Slice, slice. “That!”

“Agh!” I shrieked as the end of the blade caught my shoulder, ripping into the flesh. I yanked myself back while the chief grabbed at the knife, stuck in my flesh.

“Steve!” I howled. “Steeeeve!”

There was a crash and then the tinkling of broken glass. The chief and I both craned our necks, staring down at Steve, lying on his side, showered with shards of glass. In a flash Steve was up on his small troll feet and in full karate stance. The chief grinned down at Steve.

“This is the cavalry?” Chief Oliver put his hands on his hips, yanked the Leatherman from my shoulder, and picked up the Sword of Bethesda again. He held one knife in each hand, battle stance ready, and grinned.

I howled.

“Steve is Sophie’s hero! You will not hurt my Sophie!” Steve yelled before launching himself, snaggleteeth bared, into the chief’s shins.

“Yeooooowwww!” The chief howled, pounding his fist against Steve’s bald head.

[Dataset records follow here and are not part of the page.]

Let rest_ge0 x y : 0 <= rest x y.
Proof.
apply: sumr_ge0 => z _; apply: mulr_ge0 => //.
have := normr_ge0 (dev x z); have := normr_ge0 (dev y z).
have := sqr_ge0 (dev x z); have := sqr_ge0 (dev y z); nra.
Qed.

(* Expand [ratio ^+ 2 - 1 = 2 * dev + dev ^+ 2] in both factors. *)
Let mix_sub1_le x y : `|mix x y - 1| <= 4 * `|corr x y| + rest x y.
Proof.
have sum_ratio w : \sum_z pi z * ratio w z ^+ 2 = 1.
  by under eq_bigr do rewrite pi_ratio_sqr; exact: P_sum1.
have -> : mix x y - 1 = 4 * corr x y + \sum_z pi z * (2 * dev x z * dev y z ^+ 2
    + 2 * dev x z ^+ 2 * dev y z + dev x z ^+ 2 * dev y z ^+ 2).
  transitivity (\sum_z (pi z * ratio x z ^+ 2 * ratio y z ^+ 2
      - pi z * ratio x z ^+ 2 - pi z * ratio y z ^+ 2 + pi z)).
    by rewrite big_split /= !sumrB !sum_ratio pi_sum1 /mix; ring.
  rewrite /corr mulr_sumr -big_split /=; apply: eq_bigr => z _.
  by rewrite /dev; ring.
apply: le_trans (ler_normD _ _) _; rewrite normrM normr_nat lerD2l.
apply: le_trans (ler_norm_sum _ _ _) _; apply: ler_sum => z _.
rewrite normrM ger0_norm // ler_wpM2l //.
apply: le_trans (ler_normD _ _) _.
rewrite [X in _ + X <= _](ger0_norm (mulr_ge0 (sqr_ge0 _) (sqr_ge0 _))).
rewrite lerD2r; apply: le_trans (ler_normD _ _) _.
by rewrite !normrM normr_nat -!expr2 !real_normK ?num_real.
Qed.

Let sum_corr_sqr_le x : \sum_y pi y * corr x y ^+ 2 <= d ^+ 4.
Proof.
apply: le_trans (_ : \sum_y pi y * d ^+ 4 <= _); last by rewrite -mulr_suml pi_sum1 mul1r.
apply: ler_sum => y _; rewrite ler_wpM2l //.
apply: le_trans (weighted_CauchySchwarz pi_ge0 _ _) _.
rewrite -[4%N]/(2 + 2)%N exprD.
by apply: ler_pM; rewrite ?sumr_ge0 ?dev_row_le // => z _; rewrite mulr_ge0 ?sqr_ge0.
Qed.

(* Summing over [y] first turns the inner sums into column sums of [dev]. *)
Let sum_rest_le x : \sum_y pi y * rest x y <= 4 * d ^+ 3 + d ^+ 4.
Proof.
have -> : \sum_y pi y * rest x y = \sum_z pi z *
    (2 * `|dev x z| * \sum_y pi y * dev y z ^+ 2
     + 2 * dev x z ^+ 2 * \sum_y pi y * `|dev y z|
     + dev x z ^+ 2 * \sum_y pi y * dev y z ^+ 2).
  under eq_bigr do rewrite /rest mulr_sumr.
  rewrite exchange_big /=.
  apply: eq_bigr => z _; rewrite !mulr_sumr -!big_split mulr_sumr /=.
  by apply: eq_bigr => y _; ring.
apply: le_trans (_ : \sum_z pi z * (2 * d ^+ 2 * `|dev x z|
    + (2 * d + d ^+ 2) * dev x z ^+ 2) <= _).
  apply: ler_sum => z _; rewrite ler_wpM2l //.
  have := dev_col_le z; have := abs_dev_col_le z.
  have := normr_ge0 (dev x z); have := sqr_ge0 (dev x z); nra.
under eq_bigr do rewrite mulrDr mulrCA [pi _ * (_ * _)]mulrCA.
rewrite big_split /= -!mulr_sumr.
apply: le_trans (_ : 2 * d ^+ 2 * d + (2 * d + d ^+ 2) * d ^+ 2 <= _); last first.
  by rewrite le_eqVlt; apply/orP; left; apply/eqP; ring.
by rewrite lerD ?ler_wpM2l ?abs_dev_row_le ?dev_row_le ?addr_ge0 ?mulr_ge0.
Qed.

Lemma hellinger2_mulmx_self x : hellinger2 ((P * P) x) pi <= 8 * d ^+ 3 + 66 * d ^+ 4.
Proof.
apply: (@le_trans _ _ (\sum_y pi y * (64 * corr x y ^+ 2 + 2 * rest x y))).
  apply: ler_sum => y _; rewrite mulmx_selfE sqrtrM // -[X in _ - X]mulr1.
  rewrite -mulrBr exprMn sqr_sqrtr // ler_wpM2l //.
  apply: le_trans (sqr_sqrt_sub1_le (mix_ge0 x y) _ (rest_ge0 x y) (mix_sub1_le x y)) _.
    by rewrite mulr_ge0.
  by rewrite exprMn real_normK ?num_real //; lra.
under eq_bigr do rewrite mulrDr mulrCA [pi _ * (2 * _)]mulrCA.
rewrite big_split /= -!mulr_sumr.
by have := sum_corr_sqr_le x; have := sum_rest_le x; lra.
Qed.

End HellingerSquare.

(* Detailed balance propagates [pi a = 0] backwards along positive-rate jumps. *)
Lemma reversible_irreducible_gt0 {R : realType} {n : nat} (Q : 'M[R]_n.+1)
    (pi : 'I_n.+1 -> R) :
  irreducible Q -> is_distribution pi -> reversible Q pi -> forall x, 0 < pi x.
Proof.
move=> Q_irr [pi_ge0 pi_sum1] Q_rev x; rewrite lt_neqAle pi_ge0 andbT.
apply/eqP => pix0; suff pi0 a : pi a = 0.
  by move: pi_sum1; rewrite big1 // => /esym/eqP; rewrite oner_eq0.
have /connectP[p] := Q_irr a x; elim: p a => [|b p IH] a /=; first by move=> _ <-.
case/andP => /andP[_ Qab_gt0] path_bx last_x.
have : pi a * Q a b = 0 by rewrite Q_rev IH ?mul0r.
by move/eqP; rewrite mulf_eq0 (gt_eqF Qab_gt0) orbF => /eqP.
Qed.

Lemma le_7powR_sqr {R : realType} (d h : R) : 0 <= d -> h <= 2 ->
  h <= 8 * d ^+ 3 + 66 * d ^+ 4 -> h <= (7 * powR d (5 / 4)) ^+ 2.
Proof.
move=> d_ge0 h_le2 h_le; have [d0|d_neq0] := eqVneq d 0.
  by apply: le_trans h_le _; rewrite d0 !expr0n /= !mulr0 addr0 sqr_ge0.
rewrite exprMn; move: h_le.
have [p p_gt0 [-> ->]] :
    exists2 p : R, 0 < p & d = p ^+ 2 /\ powR d (5 / 4) ^+ 2 = p ^+ 5.
  exists (powR d (1 / 2)); first by rewrite powR_gt0 // lt_def d_neq0.
  rewrite -!powR_mulrn ?powR_ge0 // -!powRrM mul1r mulVf ?powRr1 //.
  by split=> //; congr (_ `^ _); field.
rewrite -!exprM /= => h_le.
have p5_ge0 : 0 <= p ^+ 5 by rewrite exprn_ge0 ?ltW.
have [p_le|p_gt] := lerP p (3 / 5).
  apply: le_trans h_le _.
  rewrite (_ : 8 * _ + _ = p ^+ 5 * (8 * p + 66 * p ^+ 3)); last by ring.
  by rewrite mulrC ler_wpM2r //; nra.
apply: le_trans h_le2 _; apply: le_trans (_ : 49 * (3 / 5) ^+ 5 <= _).
  by rewrite -subr_ge0 /=; lra.
by rewrite -natrX ler_wpM2l // lerXn2r ?nnegrE ?ltW.
Qed.

Section Semigroup.
Context {R : realType} {n : nat}.
Variables (Q : 'M[R]_n.+1) (pi : 'I_n.+1 -> R).

Lemma semigroupE t x y :
  semigroup Q t x y = expmx (t *: Q) x y.
Proof.
rewrite /semigroup mxE; congr (limn _); apply/funext => N.
rewrite exp_partial_mxE; apply: eq_bigr => k _.
by rewrite exprZn mxE; ring.
Qed.

Lemma semigroup_ge0 s : is_generator Q -> 0 <= s ->
  forall x y, 0 <= expmx (s *: Q) x y.
Proof.
move=> [Q_offdiag _] s_ge0; apply: expmx_offdiag_ge0 => x y neq_xy.
by rewrite mxE mulr_ge0 ?Q_offdiag.
Qed.

Lemma semigroup_sum1 s : is_generator Q -> forall x, \sum_y expmx (s *: Q) x y = 1.
Proof.
move=> [_ Q_sum0]; apply: expmx_rowsum => x.
by under eq_bigr do rewrite mxE; rewrite -mulr_sumr Q_sum0 mulr0.
Qed.

Lemma semigroup_reversible s : reversible Q pi ->
  forall x y, pi x * expmx (s *: Q) x y = pi y * expmx (s *: Q) y x.
Proof.
by move=> Q_rev; apply: expmx_reversible => x y; rewrite !mxE mulrCA Q_rev mulrCA.
Qed.

Lemma semigroupD s1 s2 : expmx ((s1 + s2) *: Q) = expmx (s1 *: Q) * expmx (s2 *: Q).
Proof.
by rewrite scalerDl expmxD // /GRing.comm -!scalerAl -!scalerAr !scalerA mulrC.
Qed.

Lemma dHE s : dH Q pi s = \big[Num.max/0]_x Num.sqrt (hellinger2 (expmx (s *: Q) x) pi).
Proof.
apply: eq_bigr => x _; congr Num.sqrt; apply: eq_bigr => y _.
by rewrite semigroupE.
Qed.

Lemma hellinger2_le_dH s x : hellinger2 (expmx (s *: Q) x) pi <= dH Q pi s ^+ 2.
Proof.
rewrite -[leLHS]sqr_sqrtr ?sumr_ge0 // => [|y _]; last exact: sqr_ge0.
by rewrite lerXn2r ?nnegrE ?sqrtr_ge0 ?dHE ?bigmax_ge_id ?le_bigmax.
Qed.

End Semigroup.

Theorem lemma2p3 (R : realType) (n : nat) (Q : 'M[R]_n.+1) (pi : 'I_n.+1 -> R)
  (hQ : is_generator Q) (hirr : irreducible Q)
  (hpi : is_distribution pi) (hstat : stationary Q pi) (hrev : reversible Q pi)
  (t : R) (ht : 0 <= t) :
  dH Q pi (2 * t) <= 7 * powR (dH Q pi t) (5 / 4).
Proof.
have pi_gt0 := reversible_irreducible_gt0 hirr hpi hrev.
have [pi_ge0 pi_sum1] := hpi.
set d := dH Q pi t; have d_ge0 : 0 <= d by rewrite /d dHE bigmax_ge_id.
have P2 : expmx ((2 * t) *: Q) = expmx (t *: Q) * expmx (t *: Q).
  by rewrite -semigroupD -mulr2n mulr_natl.
rewrite dHE P2; apply: bigmax_le => [|x _]; first by rewrite mulr_ge0 ?powR_ge0.
rewrite -[leRHS]ger0_norm ?mulr_ge0 ?powR_ge0 // -sqrtr_sqr ler_sqrt ?sqr_ge0 //.
apply: (le_7powR_sqr d_ge0).
  rewrite -P2; apply: (hellinger2_le2 _ pi_ge0 _ pi_sum1).
  - by apply: semigroup_ge0; rewrite ?mulr_ge0.
  - exact: semigroup_sum1.
apply: (hellinger2_mulmx_self _ _ _ pi_gt0 pi_sum1 d_ge0).
- exact: semigroup_ge0.
- exact: semigroup_sum1.
- exact: semigroup_reversible.
- exact: hellinger2_le_dH.
Qed.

“Get him, Steve!” I shouted, flopping around ineffectually, my shoulder wound gaping and cold.

The chief centered his narrowed, hateful eyes on me, and I heard the whoosh of wind and then felt a cold tingle from collarbone to armpit. I arched my head forward and saw little pearls of velvety blood beading from a crooked gash across my chest.

“Oh!” I wailed.

“Sophie!” My name was nearly lost in the gurgling growl of Mr. Sampson’s voice as it deepened.

I heard the unmistakable clank of metal clattering against concrete, the splintering of wood, and all at once the chief was laid out on his back, pinned by a fearsome wolf, the brown hair along its spine prickled and raised, its snapping jaws sinking into Chief Oliver’s shoulder, washing the wolf’s fur in a deep red. Steve rolled along on the concrete and ended up on his back, then bounded up, scurrying under the table.

“Oliver!”

I was flopping around, my vision going hazy from the blood rushing to my head and the little rivulets of blood dribbling from my chest and shoulder, but I thought I saw—

“Parker?” I mumbled.

He was standing at the top of the stairs, gun drawn, a gaggle of men in black clothing standing behind him. My head flopped back to where Mr. Sampson was, to the broken chains—and to the enormous werewolf pawing at Chief Oliver.